The Phantom Carriage Return
In one system, we get log files from a bunch of application servers running Linux. The other day we built a new log file output mechanism using the same code (we are removing, as much as we can, the applications' dependency on the database). However, the same code outputting the same type of log file (just containing different data) was generating the following errors when I tried to BULK INSERT any file with more than one row:
Msg 4863, Level 16, State 1, Line 1 Bulk load data conversion error (truncation) for row 1, column <last column number> (<last column name >).
I asked the developer if anything had changed with the constant he was using for carriage returns, and he said no, "\n" was still in place. No matter how I changed the code, I was still getting the error:
... (WITH ROWTERMINATOR = '\r\n', ... ); ... (WITH ROWTERMINATOR = '\n\r', ... ); ... (WITH ROWTERMINATOR = '\n\n', ... ); ... (WITH ROWTERMINATOR = '\r', ... );
Nothing would work. I had half a mind to go and look at the Perl code on the Linux box, but before I got to that point, and on a total lark, I tried this version of the code instead:
DECLARE @b NVARCHAR(2048); SET @b = 'BULK INSERT ... WITH (ROWTERMINATOR = ''' + CHAR(10) + ''', ... );'
Lo and behold; if I used the CHAR() code from SQL embedded in the string, it worked! For some of you, the addition of dynamic SQL will make you wag your finger at me even more. But for anyone who is polling for new files to load, you are probably already using dynamic SQL to construct these statements anyway. I haven't really dug into why this worked but "\n" didn't, I just knew it was working and could move onto the next most important task.

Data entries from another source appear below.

Lemma strict_shift_aug r a f v :
  strict_shift r a f -> strict_shift r a.+1 (fun x => f ((ebasis v - 1) * x)).
Proof.
move=> fs k; rewrite -addSnnS => ka x xk.
by apply: fs => //; apply: augpow_mul (aug_ebasis_sub1 v) xk.
Qed.

Lemma augpow_basis_mul_monomial r (vs : seq V) : forall w f g a b,
  additive_zg f -> additive_zg g -> strict_shift r a f -> strict_shift r b g ->
  (size vs + a <= r)%N -> (size vs + b <= r)%N ->
  augpow (size vs + a + b) (basis_mul f g (aug_monomial vs w)).
Proof.
elim: vs => [|v vs IH] w f g a b fD gD fs gs /= ar br.
  rewrite /basis_mul zg_lift_ebasis; apply: augpowM.
    by apply: fs ar _ _; apply: augpow_0.
  by apply: gs br _ _; apply: augpow_0.
rewrite basis_mul_leibniz //; apply: augpowD.
- rewrite addSnnS; apply: IH; rewrite -?addSnnS //.
  + exact: additive_zg_mull.
  + exact: additive_zg_mull.
  + exact: strict_shift_aug.
  + exact: strict_shift_mull.
  + by apply: leq_trans br; rewrite leq_add2r.
- rewrite -addnA addSnnS -addnS addnA; apply: IH; rewrite -?addSnnS //.
  + exact: additive_zg_mull.
  + exact: strict_shift_aug.
  + by apply: leq_trans ar; rewrite leq_add2r.
Qed.

End AdditiveMaps.

Theorem mainTheorem7 (V W : groupType) (r : nat) (f g h : ZG V -> ZG W) :
  additive_zg f -> additive_zg g -> strict r f -> strict r g ->
  additive_zg h ->
  (forall v : V, h (ebasis v) = zgmul (f (ebasis v)) (g (ebasis v))) ->
  strict r h.
Proof.
move=> fD gD fs gs hD hE s sr x xs.
have hfg : h =1 basis_mul f g.
  apply: additive_zg_eq => // [|u]; first exact: additive_zg_lift.
  by rewrite /basis_mul zg_lift_ebasis hE.
apply: (augpow_ind xs (zmod_closed_augpow_comp s hD)) => vs w vs_s.
rewrite hfg -vs_s; have := augpow_basis_mul_monomial (vs := vs) w fD gD
  (strict_shift0 fs) (strict_shift0 gs).
by rewrite !addn0; apply; rewrite vs_s.
Qed.
(* Let $\Sigma=(X,U_c,\phi)$ be a control system (in the sense defined in the context) satisfying the standing assumptions: (a) $U_c=BC(\mathbb{R}_{\geq 0};U)$; (b) $0$ is the unique equilibrium point of $\Sigma$; (c) $\Sigma$ is forward-complete. If $\Sigma$ admits an FTISS Lyapunov functional, then $\Sigma$ is finite-time input-to-state stable (FTISS), i.e., there exist $\beta\in\mathcal{GKL}$ and $\gamma\in\mathcal{K}$ such that $$\|\phi(t,x,u)\|_X\leq \beta(\|x\|_X,t)+\gamma(\|u\|_{U_c})\quad\text{for all }(t,x,u)\in\mathbb{R}_{\geq 0}\times X\times U_c.$$
   Context: $\mathbb{R}_{\geq 0}=[0,\infty)$, $\mathbb{R}_{>0}=(0,\infty)$. $BC(\mathbb{R}_{\geq 0};U)$ is the set of continuous $u:\mathbb{R}_{\geq0}\to U$ with $\|u\|_{U_c}:=\sup_{s\geq 0}\|u(s)\|_U<\infty$. Control system: $X$, $U$ are Banach spaces, $U_c\subset\{u:\mathbb{R}_{\geq0}\to U\}$ is a normed vector space such that (i) for all $u\in U_c$, $\tau\geq 0$, the shift $u(\cdot+\tau)\in U_c$ with $\|u(\cdot+\tau)\|_{U_c}\le\|u\|_{U_c}$; (ii) for $u_1,u_2\in U_c$ and $t>0$, the concatenation equal to $u_1(\tau)$ for $\tau\in[0,t]$ and $u_2(\tau-t)$ otherwise belongs to $U_c$. The transition map $\phi:D_\phi\to X$, $D_\phi\subseteq \mathbb{R}_{\geq0}\times X\times U_c$, satisfies: $\phi(0,x,u)=x$; causality ($\phi(t,x,\tilde u)=\phi(t,x,u)$ whenever $\tilde u=u$ on $[0,t]$); $t\mapsto\phi(t,x,u)$ is continuous; cocycle property $\phi(h,\phi(t,x,u),u(t+\cdot))=\phi(t+h,x,u)$. Forward-complete means $\phi(t,x,u)$ is well defined for every $(t,x,u)\in\mathbb{R}_{\geq0}\times X\times U_c$. Equilibrium point $0$: $\phi(t,0,0)=0$ for all $t\ge 0$. Comparison functions: $\mathcal{K}$ = continuous strictly increasing $\gamma:\mathbb{R}_{\geq0}\to\mathbb{R}_{\geq0}$ with $\gamma(0)=0$; $\mathcal{K}_\infty$ = unbounded functions in $\mathcal{K}$. $\beta:\mathbb{R}_{\geq0}\times\mathbb{R}_{\geq0}\to\mathbb{R}_{\geq0}$ is in $\mathcal{GKL}$ if it is continuous, $s\mapsto\beta(s,0)$ is in $\mathcal{K}$, and for each fixed $s$ the map $t\mapsto\beta(s,t)$ is continuous, decreases to zero, and there is a nonnegative continuous function $T(s)$ with $\beta(s,t)=0$ for all $t\geq T(s)$. Lie derivative: for $x\in X$, $u\in U_c$ and $V$ defined near $x$, $\dot V_u(x):=\limsup_{t\to0^+}\frac{V(\phi(t,x,u))-V(x)}{t}$. FTISS Lyapunov functional: a continuous $V:X\to\mathbb{R}_{\geq0}$ for which there exist $M>0$, $\sigma_0\in(0,1)$, $\alpha_1,\alpha_2\in\mathcal{K}_\infty$, $\chi\in\mathcal{K}$ with $\alpha_1(\|x\|_X)\le V(x)\le\alpha_2(\|x\|_X)$ for all $x\in X$, and for all $u\in U_c$: $\|x\|_X\geq\chi(\|u\|_{U_c})\Rightarrow \dot V_u(x)\leq -MV^{\sigma_0}(x)$. *)

From HB Require Import structures.
From mathcomp Require Import all_boot all_order all_algebra.
From mathcomp Require Import all_classical all_reals all_analysis.
Set Implicit Arguments. Unset Strict Implicit. Unset Printing Implicit Defensive.
Import Order.TTheory GRing.Theory Num.Theory.
Import numFieldNormedType.Exports.
Local Open Scope classical_set_scope.
Local Open Scope ring_scope.

Section Defs.
Context {R : realType}.

Definition Rge0 : set R := [set s | 0 <= s].

(** comparison functions, as functions on R considered on [0,oo) *)
Definition class_K (g : R -> R) : Prop :=
  {within Rge0, continuous g} /\
  {in Rge0 &, forall a b, a < b -> g a < g b} /\
  g 0 = 0.

Definition class_Kinf (g : R -> R) : Prop :=
  class_K g /\ (forall M : R, exists s, 0 <= s /\ M < g s).

Definition class_GKL (b : R -> R -> R) : Prop :=
  {within [set p : R * R | 0 <= p.1 /\ 0 <= p.2], continuous (fun p => b p.1 p.2)} /\
  (forall s t, 0 <= s -> 0 <= t -> 0 <= b s t) /\
  class_K (fun s => b s 0) /\
  (forall s, 0 <= s ->
     {within Rge0, continuous (b s)} /\
     {in Rge0 &, forall t1 t2, t1 <= t2 -> b s t2 <= b s t1} /\
     (b s t @[t --> +oo] --> 0)) /\
  (exists T : R -> R, {within Rge0, continuous T} /\
     (forall s, 0 <= s -> 0 <= T s) /\
     (forall s t, 0 <= s -> T s <= t -> b s t = 0)).

Context {U X : completeNormedModType R}.

(** U_c = BC(R_{>=0}; U): inputs are functions R -> U, only their values on
    [0,oo) matter *)
Definition BC (u : R -> U) : Prop :=
  {within Rge0, continuous u} /\ exists M : R, forall s, 0 <= s -> `|u s| <= M.

Definition BCnorm (u : R -> U) : R := sup [set `|u s| | s in Rge0].

(** forward-complete control system with input space BC: phi is total *)
Definition control_system (phi : R -> X -> (R -> U) -> X) : Prop :=
  (forall x u, BC u -> phi 0 x u = x) /\
  (forall t x u v, 0 <= t -> BC u -> BC v ->
     (forall s, 0 <= s <= t -> u s = v s) -> phi t x u = phi t x v) /\
  (forall x u, BC u -> {within Rge0, continuous (fun t => phi t x u)}) /\
  (forall t h x u, 0 <= t -> 0 <= h -> BC u ->
     phi h (phi t x u) (fun s => u (t + s)) = phi (t + h) x u).

Definition zero_input : R -> U := fun _ => 0.

Definition equilibrium (phi : R -> X -> (R -> U) -> X) (x : X) : Prop :=
  forall t, 0 <= t -> phi t x zero_input = x.

Definition unique_equilibrium_0 (phi : R -> X -> (R -> U) -> X) : Prop :=
  equilibrium phi 0 /\ (forall x, equilibrium phi x -> x = 0).

Definition lie_deriv (phi : R -> X -> (R -> U) -> X) (V : X -> R)
    (u : R -> U) (x : X) : \bar R :=
  limf_esup (fun t : R => ((V (phi t x u) - V x) / t)%:E) (0^'+).

Definition FTISS_Lyapunov (phi : R -> X -> (R -> U) -> X) (V : X -> R) : Prop :=
  continuous V /\ (forall x, 0 <= V x) /\
  exists (M sigma0 : R) (a1 a2 chi : R -> R),
    0 < M /\ 0 < sigma0 < 1 /\ class_Kinf a1 /\ class_Kinf a2 /\ class_K chi /\
    (forall x, a1 `|x| <= V x <= a2 `|x|) /\
    (forall u x, BC u -> chi (BCnorm u) <= `|x| ->
       (lie_deriv phi V u x <= (- (M * (V x) `^ sigma0))%:E)%E).

Definition FTISS (phi : R -> X -> (R -> U) -> X) : Prop :=
  exists b g, class_GKL b /\ class_K g /\
    forall t x u, 0 <= t -> BC u ->
      `|phi t x u| <= b `|x| t + g (BCnorm u).

End Defs.

From HB Require Import structures.
From mathcomp Require Import all_boot all_order all_algebra.
From mathcomp Require Import all_classical all_reals all_analysis.
From mathcomp Require Import ring lra.
Set Implicit Arguments. Unset Strict Implicit. Unset Printing Implicit Defensive.
Import Order.TTheory GRing.Theory Num.Theory.
Import numFieldNormedType.Exports.
Local Open Scope classical_set_scope.
Local Open Scope ring_scope.

(* Along a trajectory, whenever V exceeds a2 (chi |u|) the state lies outside the
   ball of radius chi |u|, so the upper Dini derivative of V is at most - M V^sg and
   that of V^(1-sg) is at most - M (1-sg).  Hence V reaches the sublevel set
   {V <= a2 (chi |u|)} no later than V(x)^(1-sg) / (M (1-sg)) and never leaves it:
     V (phi t x u) <= max (a2 (chi |u|)) ((V x^(1-sg) - M (1-sg) t)_+^(1/(1-sg))).
   Applying a1^-1 and bounding the max by the sum gives the estimate with
   beta s t = a1^-1 (((a2 s)^(1-sg) - M (1-sg) t)_+^(1/(1-sg))), which vanishes after
   a finite time, and gamma = a1^-1 o a2 o chi. *)

Section comparison_functions.
Context {R : realType}.
Implicit Types (a f g : R -> R) (p s t y z : R).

Using BULK INSERT Against a Linked Server
When you try to use BULK INSERT against a four-part name, e.g.:
BULK INSERT [OtherServer].[MyDatabase].[dbo].[foo] ... ;
You get the following error:
Msg 208, Level 16, State 82, Line 1 Invalid object name 'foo'.
I complained about the misleading error message in Connect #525287: BULK INSERT to linked server gives misleading error message. In that Connect item, I mentioned that I had an easy workaround, and had a follow-up from "Pbaggett" asking me about my workaround (though I just noticed the comment today), so I thought it was a perfect opportunity to make this post a little meatier.
In the system I am working in, there is a central table that describes various tables that exist on various systems in the environment. Most of the tables that are a target for BULK INSERT are local, but a few are remote. So, this central table contains information about the server if it exists; otherwise it is NULL. As described above, all BULK INSERT statements are constructed dynamically anyway, since the target tables aren't always inserted to, and the file names and number of files are volatile. Anyway, the trick here is to execute a SQL statement *on* the remote server when necessary (using a dynamically built, and then nested, sp_executesql call). I'll illustrate what I mean here with some sample code (for brevity, I've left placeholders for error handling, loops, etc.):
DECLARE @LinkedServer VARCHAR(32), @Database NVARCHAR(128), @Table NVARCHAR(255), @FilePath VARCHAR(2048), @sql NVARCHAR(MAX); -- this would actually be in two loops: one to get all of the target tables, -- and the other to get all of the relevant files for each target table. SELECT @LinkedServer = '[OtherServer]', @Database = '[MyDB]', @Table = '[dbo].[foo]', @FilePath = '\\FileServer\file.csv'; SET @sql = N'BULK INSERT ' + @Database + '.' + @Table + ' FROM ''' + @FilePath + ''' ' + 'WITH (FIELDTERMINATOR = ''|'', ROWTERMINATOR = ''\n'');'; SET @sql = N'sp_executesql N''' + REPLACE(@sql, '''', '''''') + ''';'; BEGIN TRY -- sp_testlinkedserver goes here SET @sql = N'EXEC ' + COALESCE(@Server + '...', '') + @sql; PRINT @sql; -- I've commented out the EXEC here; PRINT should -- give you the gist of what's going on. --EXEC master..sp_executesql @sql; END TRY BEGIN CATCH -- error handling END CATCH
Of course there are some complications here… doubling up the apostrophes and trying to debug the final SQL statement can be a pain; you also need to be sure that all of the remote servers are able to see the same network shares using the context that the linked server uses. But so far this workaround has allowed me to keep my log polling / loading process central, even while the distribution of data has scaled out to other servers.